- [Directions for this task]
Your answer should consist only of the line with "Lemma hadamard_eq_delta m" and the lines after it, reproduced exactly through the end of the entries below.

- [Information provided]
[Start of Attachment]

Lemma hadamardS_lo m c i : (i < 2 ^ m)%N ->
  hadamard m.+1 c i = hadamard m (fun t => c t + c (t + 2 ^ m)%N) i.
Proof.
move=> lt_i; have := hadamardS c false lt_i; rewrite mul0n addn0 => ->.
by apply: eq_hadamard => t _; rewrite mul1r.
Qed.

Lemma hadamardS_hi m c i : (i < 2 ^ m)%N ->
  hadamard m.+1 c (i + 2 ^ m) = hadamard m (fun t => c t - c (t + 2 ^ m)%N) i.
Proof.
move=> lt_i; have := hadamardS c true lt_i; rewrite mul1n => ->.
by apply: eq_hadamard => t _; rewrite mulN1r.
Qed.

Lemma hadamard_lin m c b (x y : int) i :
  x * hadamard m c i + y * hadamard m b i = hadamard m (fun t => x * c t + y * b t) i.
Proof. by rewrite /hadamard !mulr_sumr -big_split; apply: eq_bigr => t _ /=; ring. Qed.

Lemma hadamardK m c t : (t < 2 ^ m)%N ->
  hadamard m (hadamard m c) t = (2 ^ m)%:R * c t.
Proof.
elim: m c t => [|m IH] c t.
  by rewrite expn0 ltnS leqn0 => /eqP ->; rewrite /hadamard !big_ord1 !mul1r.
set h := (2 ^ m)%N => lt_t.
have [e [t0 [lt_t0 ->]]] : exists e : bool, exists t0, (t0 < h)%N /\ t = (t0 + e * h)%N.
  have [lt_th|le_ht] := ltnP t h; first by exists false, t; rewrite addn0.
  exists true, (t - h)%N; rewrite mul1n subnK //; split => //.
  by rewrite ltn_subLR // addnn -mul2n -expnS.
rewrite hadamardS //.
transitivity (hadamard m (hadamard m (fun u => 2 * c (u + e * h)%N)) t0).
  apply: eq_hadamard => s lt_s.
  rewrite hadamardS_lo // hadamardS_hi // -[hadamard m _ s]mul1r hadamard_lin.
  by apply: eq_hadamard => u _; case: e; rewrite /= ?mul1n ?mul0n ?addn0; ring.
by rewrite IH // expnS natrM; ring.
Qed.

Lemma hadamard_inj m c b :
  (forall i, (i < 2 ^ m)%N -> hadamard m c i = hadamard m b i) ->
  forall t, (t < 2 ^ m)%N -> c t = b t.
Proof.
move=> e t lt_t; apply: (@mulfI _ (2 ^ m)%:R); first by rewrite pnatr_eq0 expn_eq0.
by rewrite -!hadamardK //; apply: eq_hadamard.
Qed.

Lemma hadamard_delta m a r i : (r < 2 ^ m)%N ->
  hadamard m (fun t => a * (t == r)%:R) i = a * sylv m r i.
Proof.
move=> lt_r; rewrite /hadamard (bigD1 (Ordinal lt_r)) //= eqxx big1 ?addr0.
  by rewrite sylv_sym mulr1 mulrC.
by move=> t; rewrite -val_eqE /= => /negbTE ->; rewrite !mulr0.
Qed.

Lemma hadamard_eq_delta m a r c : (r < 2 ^ m)%N ->
  (forall t, (t < 2 ^ m)%N -> c t = a * (t == r)%:R) <->
  (forall i, (i < 2 ^ m)%N -> hadamard m c i = a * sylv m r i).
Proof.
move=> lt_r; split=> [Dc i _ | Hc]; first by rewrite (eq_hadamard _ Dc) hadamard_delta.
by apply: hadamard_inj => i lt_i; rewrite Hc // hadamard_delta.
Qed.

Lemma hadamard_eq0 m c :
  (forall t, (t < 2 ^ m)%N -> c t = 0) <-> (forall i, (i < 2 ^ m)%N -> hadamard m c i = 0).
Proof.
have H0 i : hadamard m (fun=> 0) i = 0 by apply: big1 => t _; rewrite mulr0.
split=> [Dc i _ | Hc]; first by rewrite (eq_hadamard _ Dc) H0.
by apply: hadamard_inj => i lt_i; rewrite Hc // H0.
Qed.

End SylvesterHadamard.

(** * Generalized bent functions *)

Lemma odd_div_mod m a j : (j < m)%N -> odd (a %% 2 ^ m %/ 2 ^ j) = odd (a %/ 2 ^ j).
Proof.
move=> lt_jm; have e : (2 ^ m = 2 ^ (m - j) * 2 ^ j)%N by rewrite -expnD subnK // ltnW.
have {2}-> : a = (a %/ 2 ^ m * 2 ^ (m - j) * 2 ^ j + a %% 2 ^ m)%N.
  by rewrite -mulnA -e -divn_eq.
rewrite divnMDl ?expn_gt0 // oddD oddM oddX.
by rewrite subn_eq0 leqNgt lt_jm andbF.
Qed.

Lemma odd_div_exp m r : (r < 2 ^ m.+1)%N -> odd (r %/ 2 ^ m) = (2 ^ m <= r)%N.
Proof.
move=> lt_r; have [le_r|lt_r'] := leqP; last by rewrite divn_small.
have {1}-> : r = (1 * 2 ^ m + (r - 2 ^ m))%N by rewrite mul1n addnC subnK.
rewrite divnMDl ?expn_gt0 // divn_small //.
by move: lt_r; rewrite expnS mul2n -addnn; lia.
Qed.

Lemma sylv_bits m r t : (r < 2 ^ m)%N -> (t < 2 ^ m)%N ->
  sylv m r t = (-1) ^+ (\big[addb/false]_(j < m) (odd (r %/ 2 ^ j) && odd (t %/ 2 ^ j))).
Proof.
elim: m r t => [|m IH] r t lt_r lt_t; first by rewrite big_ord0.
rewrite /= IH ?ltn_pmod ?expn_gt0 // big_ord_recr /= signr_addb mulrC.
rewrite !odd_div_exp //; congr (_ * _); last by case: (_ && _).
by congr ((-1) ^+ nat_of_bool _); apply: eq_bigr => j _; rewrite !odd_div_mod.
Qed.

[End of Attachment]

- [Exercise result]
Lemma hadamard_eq_delta m a r c : (r < 2 ^ m)%N ->
  (forall t, (t < 2 ^ m)%N -> c t = a * (t == r)%:R) <->
  (forall i, (i < 2 ^ m)%N -> hadamard m c i = a * sylv m r i).
Proof.
move=> lt_r; split=> [Dc i _ | Hc]; first by rewrite (eq_hadamard _ Dc) hadamard_delta.
by apply: hadamard_inj => i lt_i; rewrite Hc // hadamard_delta.
Qed.

Lemma hadamard_eq0 m c :
  (forall t, (t < 2 ^ m)%N -> c t = 0) <-> (forall i, (i < 2 ^ m)%N -> hadamard m c i = 0).
Proof.
have H0 i : hadamard m (fun=> 0) i = 0 by apply: big1 => t _; rewrite mulr0.
split=> [Dc i _ | Hc]; first by rewrite (eq_hadamard _ Dc) H0.
by apply: hadamard_inj => i lt_i; rewrite Hc // H0.
Qed.

End SylvesterHadamard.

(** * Generalized bent functions *)

Lemma odd_div_mod m a j : (j < m)%N -> odd (a %% 2 ^ m %/ 2 ^ j) = odd (a %/ 2 ^ j).
Proof.
move=> lt_jm; have e : (2 ^ m = 2 ^ (m - j) * 2 ^ j)%N by rewrite -expnD subnK // ltnW.
have {2}-> : a = (a %/ 2 ^ m * 2 ^ (m - j) * 2 ^ j + a %% 2 ^ m)%N.
  by rewrite -mulnA -e -divn_eq.
rewrite divnMDl ?expn_gt0 // oddD oddM oddX.
by rewrite subn_eq0 leqNgt lt_jm andbF.
Qed.

Lemma odd_div_exp m r : (r < 2 ^ m.+1)%N -> odd (r %/ 2 ^ m) = (2 ^ m <= r)%N.
Proof.
move=> lt_r; have [le_r|lt_r'] := leqP; last by rewrite divn_small.
have {1}-> : r = (1 * 2 ^ m + (r - 2 ^ m))%N by rewrite mul1n addnC subnK.
rewrite divnMDl ?expn_gt0 // divn_small //.
by move: lt_r; rewrite expnS mul2n -addnn; lia.
Qed.

Lemma sylv_bits m r t : (r < 2 ^ m)%N -> (t < 2 ^ m)%N ->
  sylv m r t = (-1) ^+ (\big[addb/false]_(j < m) (odd (r %/ 2 ^ j) && odd (t %/ 2 ^ j))).
Proof.
elim: m r t => [|m IH] r t lt_r lt_t; first by rewrite big_ord0.
rewrite /= IH ?ltn_pmod ?expn_gt0 // big_ord_recr /= signr_addb mulrC.
rewrite !odd_div_exp //; congr (_ * _); last by case: (_ && _).
by congr ((-1) ^+ nat_of_bool _); apply: eq_bigr => j _; rewrite !odd_div_mod.
Qed.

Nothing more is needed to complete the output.